[Saved data entries]
##########

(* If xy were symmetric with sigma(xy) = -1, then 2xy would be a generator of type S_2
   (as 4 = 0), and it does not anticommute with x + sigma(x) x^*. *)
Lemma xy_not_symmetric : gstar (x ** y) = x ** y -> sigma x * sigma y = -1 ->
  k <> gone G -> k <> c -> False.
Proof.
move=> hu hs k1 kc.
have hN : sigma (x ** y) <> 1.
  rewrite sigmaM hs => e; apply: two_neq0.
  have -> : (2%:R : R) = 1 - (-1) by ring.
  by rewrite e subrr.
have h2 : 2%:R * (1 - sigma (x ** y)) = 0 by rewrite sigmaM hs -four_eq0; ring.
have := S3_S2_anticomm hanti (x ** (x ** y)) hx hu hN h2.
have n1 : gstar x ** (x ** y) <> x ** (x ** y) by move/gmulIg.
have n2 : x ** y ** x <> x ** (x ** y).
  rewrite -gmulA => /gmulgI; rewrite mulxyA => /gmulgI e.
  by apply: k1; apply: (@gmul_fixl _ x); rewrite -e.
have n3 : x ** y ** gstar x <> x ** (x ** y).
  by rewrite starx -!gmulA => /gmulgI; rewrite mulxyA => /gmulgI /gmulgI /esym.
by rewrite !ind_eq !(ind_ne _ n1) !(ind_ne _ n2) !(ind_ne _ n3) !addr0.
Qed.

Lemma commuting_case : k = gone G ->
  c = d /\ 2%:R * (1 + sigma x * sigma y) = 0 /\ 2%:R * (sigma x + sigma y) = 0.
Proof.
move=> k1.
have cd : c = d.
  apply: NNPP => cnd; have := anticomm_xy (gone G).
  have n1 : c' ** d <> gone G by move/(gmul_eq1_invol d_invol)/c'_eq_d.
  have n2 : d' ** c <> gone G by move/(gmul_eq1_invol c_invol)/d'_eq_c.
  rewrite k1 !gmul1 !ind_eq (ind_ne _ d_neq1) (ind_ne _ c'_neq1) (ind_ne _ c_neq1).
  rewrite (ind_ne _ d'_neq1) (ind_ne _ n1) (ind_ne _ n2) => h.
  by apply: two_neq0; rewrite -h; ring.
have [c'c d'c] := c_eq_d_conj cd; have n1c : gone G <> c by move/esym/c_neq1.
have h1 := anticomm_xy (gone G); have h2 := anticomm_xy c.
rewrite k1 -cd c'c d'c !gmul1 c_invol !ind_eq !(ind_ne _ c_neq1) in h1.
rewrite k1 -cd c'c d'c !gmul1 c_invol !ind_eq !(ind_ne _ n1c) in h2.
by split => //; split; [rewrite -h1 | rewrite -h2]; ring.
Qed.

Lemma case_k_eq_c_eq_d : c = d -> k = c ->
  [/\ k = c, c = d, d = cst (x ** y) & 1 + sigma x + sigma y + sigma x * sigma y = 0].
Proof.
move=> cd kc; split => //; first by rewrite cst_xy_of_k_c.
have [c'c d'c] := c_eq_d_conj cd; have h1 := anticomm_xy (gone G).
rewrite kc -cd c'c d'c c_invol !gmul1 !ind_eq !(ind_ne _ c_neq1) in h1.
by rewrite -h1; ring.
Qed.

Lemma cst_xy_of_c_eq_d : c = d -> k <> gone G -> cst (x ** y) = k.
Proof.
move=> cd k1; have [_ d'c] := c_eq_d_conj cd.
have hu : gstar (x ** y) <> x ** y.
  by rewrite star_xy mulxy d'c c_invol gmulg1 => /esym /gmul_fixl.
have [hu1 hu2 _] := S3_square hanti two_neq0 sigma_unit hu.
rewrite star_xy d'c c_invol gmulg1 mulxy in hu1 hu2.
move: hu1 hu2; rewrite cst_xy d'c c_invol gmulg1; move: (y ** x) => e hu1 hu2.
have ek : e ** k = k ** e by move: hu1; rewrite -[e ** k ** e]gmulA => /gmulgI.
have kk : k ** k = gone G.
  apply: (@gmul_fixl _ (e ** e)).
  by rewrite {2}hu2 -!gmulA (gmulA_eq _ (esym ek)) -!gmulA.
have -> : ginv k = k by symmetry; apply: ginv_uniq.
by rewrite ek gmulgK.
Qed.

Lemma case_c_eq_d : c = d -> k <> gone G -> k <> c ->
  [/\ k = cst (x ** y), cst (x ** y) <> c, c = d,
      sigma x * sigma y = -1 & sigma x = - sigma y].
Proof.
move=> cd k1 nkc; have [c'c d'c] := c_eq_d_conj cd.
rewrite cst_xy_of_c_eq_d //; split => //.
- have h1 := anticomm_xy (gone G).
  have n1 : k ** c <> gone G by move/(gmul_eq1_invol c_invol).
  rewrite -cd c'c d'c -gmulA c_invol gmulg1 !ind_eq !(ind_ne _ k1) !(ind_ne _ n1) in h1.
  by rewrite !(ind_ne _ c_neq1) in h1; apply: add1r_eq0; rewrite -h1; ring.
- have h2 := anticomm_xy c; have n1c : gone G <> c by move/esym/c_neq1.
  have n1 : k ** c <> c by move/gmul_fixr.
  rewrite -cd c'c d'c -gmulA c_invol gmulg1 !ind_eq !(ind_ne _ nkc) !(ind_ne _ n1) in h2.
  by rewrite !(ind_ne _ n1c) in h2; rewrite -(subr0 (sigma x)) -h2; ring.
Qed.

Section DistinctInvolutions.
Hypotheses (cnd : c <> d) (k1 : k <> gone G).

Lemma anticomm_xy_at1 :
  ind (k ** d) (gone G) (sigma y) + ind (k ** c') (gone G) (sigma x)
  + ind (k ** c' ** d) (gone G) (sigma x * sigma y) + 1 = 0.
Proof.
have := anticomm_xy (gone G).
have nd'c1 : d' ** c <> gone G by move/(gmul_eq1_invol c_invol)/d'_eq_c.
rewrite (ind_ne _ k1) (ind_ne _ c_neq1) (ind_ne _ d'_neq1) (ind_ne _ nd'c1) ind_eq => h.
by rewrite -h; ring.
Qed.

##########

# Exercise goal
For the word "Lemma", state how many lines of the entries contain it, with nothing else.

# Result
6